If a line in the data below contains "exact", copy it.

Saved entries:
*** Begin section ***
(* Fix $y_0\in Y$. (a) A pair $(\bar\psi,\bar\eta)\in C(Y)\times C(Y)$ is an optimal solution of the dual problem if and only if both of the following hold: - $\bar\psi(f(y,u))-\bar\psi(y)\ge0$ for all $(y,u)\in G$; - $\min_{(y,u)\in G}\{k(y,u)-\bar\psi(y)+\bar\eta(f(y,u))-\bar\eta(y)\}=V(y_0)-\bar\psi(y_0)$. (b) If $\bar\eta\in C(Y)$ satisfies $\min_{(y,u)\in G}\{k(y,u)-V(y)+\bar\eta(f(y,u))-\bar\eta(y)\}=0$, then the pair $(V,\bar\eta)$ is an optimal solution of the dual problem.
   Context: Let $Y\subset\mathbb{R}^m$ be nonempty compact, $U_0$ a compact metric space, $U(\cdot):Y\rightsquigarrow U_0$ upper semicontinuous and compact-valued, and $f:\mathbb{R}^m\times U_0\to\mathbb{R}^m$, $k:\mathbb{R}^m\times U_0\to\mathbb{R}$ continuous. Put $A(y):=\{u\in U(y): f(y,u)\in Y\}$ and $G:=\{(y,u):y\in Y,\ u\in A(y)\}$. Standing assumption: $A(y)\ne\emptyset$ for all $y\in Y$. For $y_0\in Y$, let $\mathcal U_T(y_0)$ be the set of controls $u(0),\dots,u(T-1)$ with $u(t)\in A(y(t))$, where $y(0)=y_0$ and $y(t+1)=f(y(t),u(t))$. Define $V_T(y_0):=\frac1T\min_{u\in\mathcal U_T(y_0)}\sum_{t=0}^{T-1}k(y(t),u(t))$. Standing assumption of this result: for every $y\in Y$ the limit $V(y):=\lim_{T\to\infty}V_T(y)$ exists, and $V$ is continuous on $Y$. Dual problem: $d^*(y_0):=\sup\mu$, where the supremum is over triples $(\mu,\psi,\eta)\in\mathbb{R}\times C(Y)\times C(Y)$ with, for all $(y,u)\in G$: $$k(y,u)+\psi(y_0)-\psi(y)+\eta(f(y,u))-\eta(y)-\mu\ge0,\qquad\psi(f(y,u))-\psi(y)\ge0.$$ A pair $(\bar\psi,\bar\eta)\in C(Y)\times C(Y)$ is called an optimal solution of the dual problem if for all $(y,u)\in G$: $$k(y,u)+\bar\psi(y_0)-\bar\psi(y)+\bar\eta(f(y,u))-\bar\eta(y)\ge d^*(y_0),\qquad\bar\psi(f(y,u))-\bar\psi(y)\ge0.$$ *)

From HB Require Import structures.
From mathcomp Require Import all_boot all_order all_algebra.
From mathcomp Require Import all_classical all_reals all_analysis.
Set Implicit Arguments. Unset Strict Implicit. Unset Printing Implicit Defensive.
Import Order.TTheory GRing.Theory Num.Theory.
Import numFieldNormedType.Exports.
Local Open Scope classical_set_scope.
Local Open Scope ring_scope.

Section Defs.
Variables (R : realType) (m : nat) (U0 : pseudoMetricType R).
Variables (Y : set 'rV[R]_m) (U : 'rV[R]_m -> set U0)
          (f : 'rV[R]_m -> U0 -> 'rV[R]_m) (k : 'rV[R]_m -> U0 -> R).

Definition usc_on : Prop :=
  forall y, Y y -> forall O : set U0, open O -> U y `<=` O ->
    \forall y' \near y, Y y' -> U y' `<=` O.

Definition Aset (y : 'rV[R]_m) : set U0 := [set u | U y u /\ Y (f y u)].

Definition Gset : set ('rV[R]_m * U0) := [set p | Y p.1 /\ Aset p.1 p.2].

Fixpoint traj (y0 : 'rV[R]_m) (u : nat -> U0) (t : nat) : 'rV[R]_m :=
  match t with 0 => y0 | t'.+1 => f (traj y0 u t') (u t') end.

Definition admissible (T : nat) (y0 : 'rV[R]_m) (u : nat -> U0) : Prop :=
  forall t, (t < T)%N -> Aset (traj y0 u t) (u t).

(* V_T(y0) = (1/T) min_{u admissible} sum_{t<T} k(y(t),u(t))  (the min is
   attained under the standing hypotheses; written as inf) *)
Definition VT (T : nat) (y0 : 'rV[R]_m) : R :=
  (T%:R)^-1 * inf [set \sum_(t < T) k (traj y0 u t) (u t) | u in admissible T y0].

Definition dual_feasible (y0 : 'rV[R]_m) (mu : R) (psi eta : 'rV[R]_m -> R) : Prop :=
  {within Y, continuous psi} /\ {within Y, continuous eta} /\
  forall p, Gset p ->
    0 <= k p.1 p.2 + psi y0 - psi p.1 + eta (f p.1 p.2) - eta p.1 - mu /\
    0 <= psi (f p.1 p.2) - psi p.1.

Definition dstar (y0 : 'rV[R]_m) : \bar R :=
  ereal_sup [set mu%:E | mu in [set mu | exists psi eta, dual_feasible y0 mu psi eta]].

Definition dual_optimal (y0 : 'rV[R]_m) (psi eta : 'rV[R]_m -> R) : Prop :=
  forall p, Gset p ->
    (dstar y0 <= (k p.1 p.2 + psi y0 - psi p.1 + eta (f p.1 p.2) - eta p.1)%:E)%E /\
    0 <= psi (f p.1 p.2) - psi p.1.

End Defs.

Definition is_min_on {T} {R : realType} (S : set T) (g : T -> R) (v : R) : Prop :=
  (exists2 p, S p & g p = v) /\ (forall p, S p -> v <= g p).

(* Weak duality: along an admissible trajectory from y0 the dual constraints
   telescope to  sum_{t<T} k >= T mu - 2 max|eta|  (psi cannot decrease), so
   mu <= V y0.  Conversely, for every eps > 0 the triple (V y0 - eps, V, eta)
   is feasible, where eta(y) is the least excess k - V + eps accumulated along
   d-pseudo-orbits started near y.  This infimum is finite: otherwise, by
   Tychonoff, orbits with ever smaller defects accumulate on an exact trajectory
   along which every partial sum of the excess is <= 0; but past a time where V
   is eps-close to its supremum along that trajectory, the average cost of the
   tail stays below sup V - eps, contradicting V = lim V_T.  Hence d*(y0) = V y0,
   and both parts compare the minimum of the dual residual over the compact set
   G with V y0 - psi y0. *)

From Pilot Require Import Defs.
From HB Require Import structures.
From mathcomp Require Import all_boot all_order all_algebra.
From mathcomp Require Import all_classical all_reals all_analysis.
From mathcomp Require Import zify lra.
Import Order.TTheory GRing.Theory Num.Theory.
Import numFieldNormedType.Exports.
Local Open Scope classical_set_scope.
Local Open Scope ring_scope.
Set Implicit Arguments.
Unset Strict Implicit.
*** End section ***
*** Begin section ***
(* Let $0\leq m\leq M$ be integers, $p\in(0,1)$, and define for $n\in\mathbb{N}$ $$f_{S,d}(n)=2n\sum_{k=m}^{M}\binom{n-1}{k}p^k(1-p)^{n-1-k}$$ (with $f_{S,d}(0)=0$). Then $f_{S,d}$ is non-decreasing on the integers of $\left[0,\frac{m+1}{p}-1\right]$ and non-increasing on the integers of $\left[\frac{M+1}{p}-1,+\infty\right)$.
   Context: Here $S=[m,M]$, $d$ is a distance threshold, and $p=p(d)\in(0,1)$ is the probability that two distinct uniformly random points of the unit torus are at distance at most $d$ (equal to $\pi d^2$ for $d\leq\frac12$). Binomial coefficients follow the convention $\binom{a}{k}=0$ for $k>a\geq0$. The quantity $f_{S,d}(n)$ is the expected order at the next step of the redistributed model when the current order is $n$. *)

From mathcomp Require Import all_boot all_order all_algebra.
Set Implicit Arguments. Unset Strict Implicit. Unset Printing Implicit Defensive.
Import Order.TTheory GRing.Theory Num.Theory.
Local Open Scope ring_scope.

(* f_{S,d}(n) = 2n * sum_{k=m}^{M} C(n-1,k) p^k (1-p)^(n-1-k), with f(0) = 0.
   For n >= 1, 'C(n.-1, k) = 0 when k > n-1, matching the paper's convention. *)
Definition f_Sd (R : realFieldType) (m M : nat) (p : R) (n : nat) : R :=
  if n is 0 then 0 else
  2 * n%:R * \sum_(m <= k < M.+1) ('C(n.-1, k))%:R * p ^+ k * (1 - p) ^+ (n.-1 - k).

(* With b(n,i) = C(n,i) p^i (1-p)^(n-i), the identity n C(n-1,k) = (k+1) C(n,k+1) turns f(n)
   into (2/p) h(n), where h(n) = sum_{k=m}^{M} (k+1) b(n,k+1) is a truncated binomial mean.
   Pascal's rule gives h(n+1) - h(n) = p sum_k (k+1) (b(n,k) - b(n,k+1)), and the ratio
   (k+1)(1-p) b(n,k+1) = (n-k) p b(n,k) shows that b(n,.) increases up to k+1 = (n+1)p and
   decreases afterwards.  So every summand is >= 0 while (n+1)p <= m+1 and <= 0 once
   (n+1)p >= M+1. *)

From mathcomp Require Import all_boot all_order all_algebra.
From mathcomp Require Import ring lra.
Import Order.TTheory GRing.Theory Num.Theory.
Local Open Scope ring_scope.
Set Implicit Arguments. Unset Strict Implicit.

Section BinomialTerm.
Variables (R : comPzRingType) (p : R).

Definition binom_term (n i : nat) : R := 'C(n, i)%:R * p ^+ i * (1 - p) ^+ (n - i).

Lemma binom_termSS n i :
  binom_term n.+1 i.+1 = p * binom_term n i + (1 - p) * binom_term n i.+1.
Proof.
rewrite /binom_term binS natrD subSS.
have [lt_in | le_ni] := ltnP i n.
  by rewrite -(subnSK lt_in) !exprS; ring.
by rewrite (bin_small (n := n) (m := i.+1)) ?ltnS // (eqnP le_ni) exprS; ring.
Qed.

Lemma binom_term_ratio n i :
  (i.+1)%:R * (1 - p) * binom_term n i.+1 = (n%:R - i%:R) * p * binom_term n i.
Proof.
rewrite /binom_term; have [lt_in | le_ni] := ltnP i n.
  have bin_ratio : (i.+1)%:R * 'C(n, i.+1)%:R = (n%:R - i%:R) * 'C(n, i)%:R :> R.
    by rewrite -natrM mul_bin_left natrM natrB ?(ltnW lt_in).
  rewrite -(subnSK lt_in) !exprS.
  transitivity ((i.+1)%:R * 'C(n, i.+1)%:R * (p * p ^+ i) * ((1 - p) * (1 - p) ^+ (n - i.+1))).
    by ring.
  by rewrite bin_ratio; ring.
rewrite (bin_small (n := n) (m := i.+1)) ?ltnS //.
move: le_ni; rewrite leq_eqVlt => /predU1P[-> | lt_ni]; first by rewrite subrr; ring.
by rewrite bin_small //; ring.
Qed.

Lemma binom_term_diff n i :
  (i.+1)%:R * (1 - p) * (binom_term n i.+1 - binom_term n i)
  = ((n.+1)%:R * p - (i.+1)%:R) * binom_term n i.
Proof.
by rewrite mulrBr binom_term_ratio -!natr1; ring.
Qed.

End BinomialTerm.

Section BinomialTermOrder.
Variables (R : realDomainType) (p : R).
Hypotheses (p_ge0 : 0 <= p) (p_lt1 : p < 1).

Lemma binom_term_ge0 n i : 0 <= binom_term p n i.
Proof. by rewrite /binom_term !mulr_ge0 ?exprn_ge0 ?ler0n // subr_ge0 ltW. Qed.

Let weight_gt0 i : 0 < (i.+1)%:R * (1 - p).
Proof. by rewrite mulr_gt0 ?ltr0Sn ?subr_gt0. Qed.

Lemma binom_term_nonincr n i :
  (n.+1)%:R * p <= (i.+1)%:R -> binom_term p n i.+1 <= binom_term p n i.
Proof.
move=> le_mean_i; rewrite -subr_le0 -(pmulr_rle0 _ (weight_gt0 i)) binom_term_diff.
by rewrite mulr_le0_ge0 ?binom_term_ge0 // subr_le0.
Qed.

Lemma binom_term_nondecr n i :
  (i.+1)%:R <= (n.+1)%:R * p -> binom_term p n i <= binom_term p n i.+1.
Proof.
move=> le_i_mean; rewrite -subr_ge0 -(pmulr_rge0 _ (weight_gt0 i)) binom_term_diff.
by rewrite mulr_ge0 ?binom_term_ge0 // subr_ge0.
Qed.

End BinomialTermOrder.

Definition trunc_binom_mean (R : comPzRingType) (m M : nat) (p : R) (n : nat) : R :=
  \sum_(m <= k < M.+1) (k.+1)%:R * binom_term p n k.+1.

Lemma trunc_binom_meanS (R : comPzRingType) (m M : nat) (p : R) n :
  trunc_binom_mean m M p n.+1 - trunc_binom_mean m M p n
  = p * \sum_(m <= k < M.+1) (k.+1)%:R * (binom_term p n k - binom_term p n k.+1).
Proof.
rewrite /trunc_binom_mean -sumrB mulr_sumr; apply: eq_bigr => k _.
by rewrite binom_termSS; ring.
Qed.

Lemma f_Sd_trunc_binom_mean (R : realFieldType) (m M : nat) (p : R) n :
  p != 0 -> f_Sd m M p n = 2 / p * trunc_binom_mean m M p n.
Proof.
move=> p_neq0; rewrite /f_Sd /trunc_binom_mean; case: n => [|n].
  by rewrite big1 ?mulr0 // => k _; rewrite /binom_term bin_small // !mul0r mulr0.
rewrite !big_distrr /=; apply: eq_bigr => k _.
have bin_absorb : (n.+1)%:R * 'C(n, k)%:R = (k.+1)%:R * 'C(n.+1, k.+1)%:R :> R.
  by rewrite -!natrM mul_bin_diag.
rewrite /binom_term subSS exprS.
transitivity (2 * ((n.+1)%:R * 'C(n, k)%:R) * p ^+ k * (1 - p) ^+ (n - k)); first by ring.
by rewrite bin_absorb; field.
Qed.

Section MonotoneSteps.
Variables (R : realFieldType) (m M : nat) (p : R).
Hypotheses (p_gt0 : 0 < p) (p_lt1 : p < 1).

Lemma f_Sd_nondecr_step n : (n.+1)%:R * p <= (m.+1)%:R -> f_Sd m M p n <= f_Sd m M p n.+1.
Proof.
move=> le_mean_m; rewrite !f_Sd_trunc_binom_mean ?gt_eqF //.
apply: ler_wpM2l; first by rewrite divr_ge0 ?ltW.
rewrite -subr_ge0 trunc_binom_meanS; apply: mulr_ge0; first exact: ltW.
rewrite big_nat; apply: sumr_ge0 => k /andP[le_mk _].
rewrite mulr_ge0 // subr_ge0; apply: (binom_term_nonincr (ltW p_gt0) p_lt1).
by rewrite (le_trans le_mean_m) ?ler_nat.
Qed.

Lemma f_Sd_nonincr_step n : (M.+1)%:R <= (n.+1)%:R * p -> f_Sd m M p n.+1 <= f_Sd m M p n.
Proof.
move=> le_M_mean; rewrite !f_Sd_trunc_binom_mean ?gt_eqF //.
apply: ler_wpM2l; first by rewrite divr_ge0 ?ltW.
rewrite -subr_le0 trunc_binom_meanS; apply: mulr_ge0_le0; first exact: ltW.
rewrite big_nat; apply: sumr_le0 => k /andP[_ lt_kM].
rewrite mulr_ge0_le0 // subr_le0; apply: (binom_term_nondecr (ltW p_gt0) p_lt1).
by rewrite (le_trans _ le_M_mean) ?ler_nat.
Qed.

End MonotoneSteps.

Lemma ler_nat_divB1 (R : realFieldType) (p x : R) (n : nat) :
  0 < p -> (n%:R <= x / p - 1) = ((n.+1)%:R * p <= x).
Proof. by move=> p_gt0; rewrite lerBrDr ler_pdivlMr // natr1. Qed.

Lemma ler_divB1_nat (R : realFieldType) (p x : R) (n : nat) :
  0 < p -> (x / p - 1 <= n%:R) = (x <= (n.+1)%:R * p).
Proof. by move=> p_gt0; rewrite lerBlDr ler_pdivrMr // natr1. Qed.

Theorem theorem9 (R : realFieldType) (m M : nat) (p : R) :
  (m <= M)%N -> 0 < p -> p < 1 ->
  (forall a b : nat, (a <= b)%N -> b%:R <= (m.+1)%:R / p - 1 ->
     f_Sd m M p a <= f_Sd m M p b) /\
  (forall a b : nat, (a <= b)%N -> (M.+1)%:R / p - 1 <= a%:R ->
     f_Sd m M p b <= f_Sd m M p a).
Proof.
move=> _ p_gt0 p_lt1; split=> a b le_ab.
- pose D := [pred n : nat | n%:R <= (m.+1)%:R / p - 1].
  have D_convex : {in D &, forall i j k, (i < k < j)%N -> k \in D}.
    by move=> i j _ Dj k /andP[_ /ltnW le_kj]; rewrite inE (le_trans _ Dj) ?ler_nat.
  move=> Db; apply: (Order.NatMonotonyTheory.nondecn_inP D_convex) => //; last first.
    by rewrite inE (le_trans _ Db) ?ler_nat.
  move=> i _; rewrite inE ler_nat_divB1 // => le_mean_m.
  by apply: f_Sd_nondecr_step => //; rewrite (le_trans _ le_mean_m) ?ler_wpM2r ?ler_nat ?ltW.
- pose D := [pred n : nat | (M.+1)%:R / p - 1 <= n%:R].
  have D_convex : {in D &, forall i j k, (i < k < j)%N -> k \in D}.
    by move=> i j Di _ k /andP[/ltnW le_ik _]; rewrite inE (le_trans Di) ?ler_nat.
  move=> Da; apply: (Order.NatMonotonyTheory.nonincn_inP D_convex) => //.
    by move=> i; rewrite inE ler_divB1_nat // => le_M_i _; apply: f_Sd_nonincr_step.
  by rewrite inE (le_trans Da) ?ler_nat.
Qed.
*** End section ***
Solution:
   Tychonoff, orbits with ever smaller defects accumulate on an exact trajectory
rewrite -subr_ge0 trunc_binom_meanS; apply: mulr_ge0; first exact: ltW.
rewrite -subr_le0 trunc_binom_meanS; apply: mulr_ge0_le0; first exact: ltW.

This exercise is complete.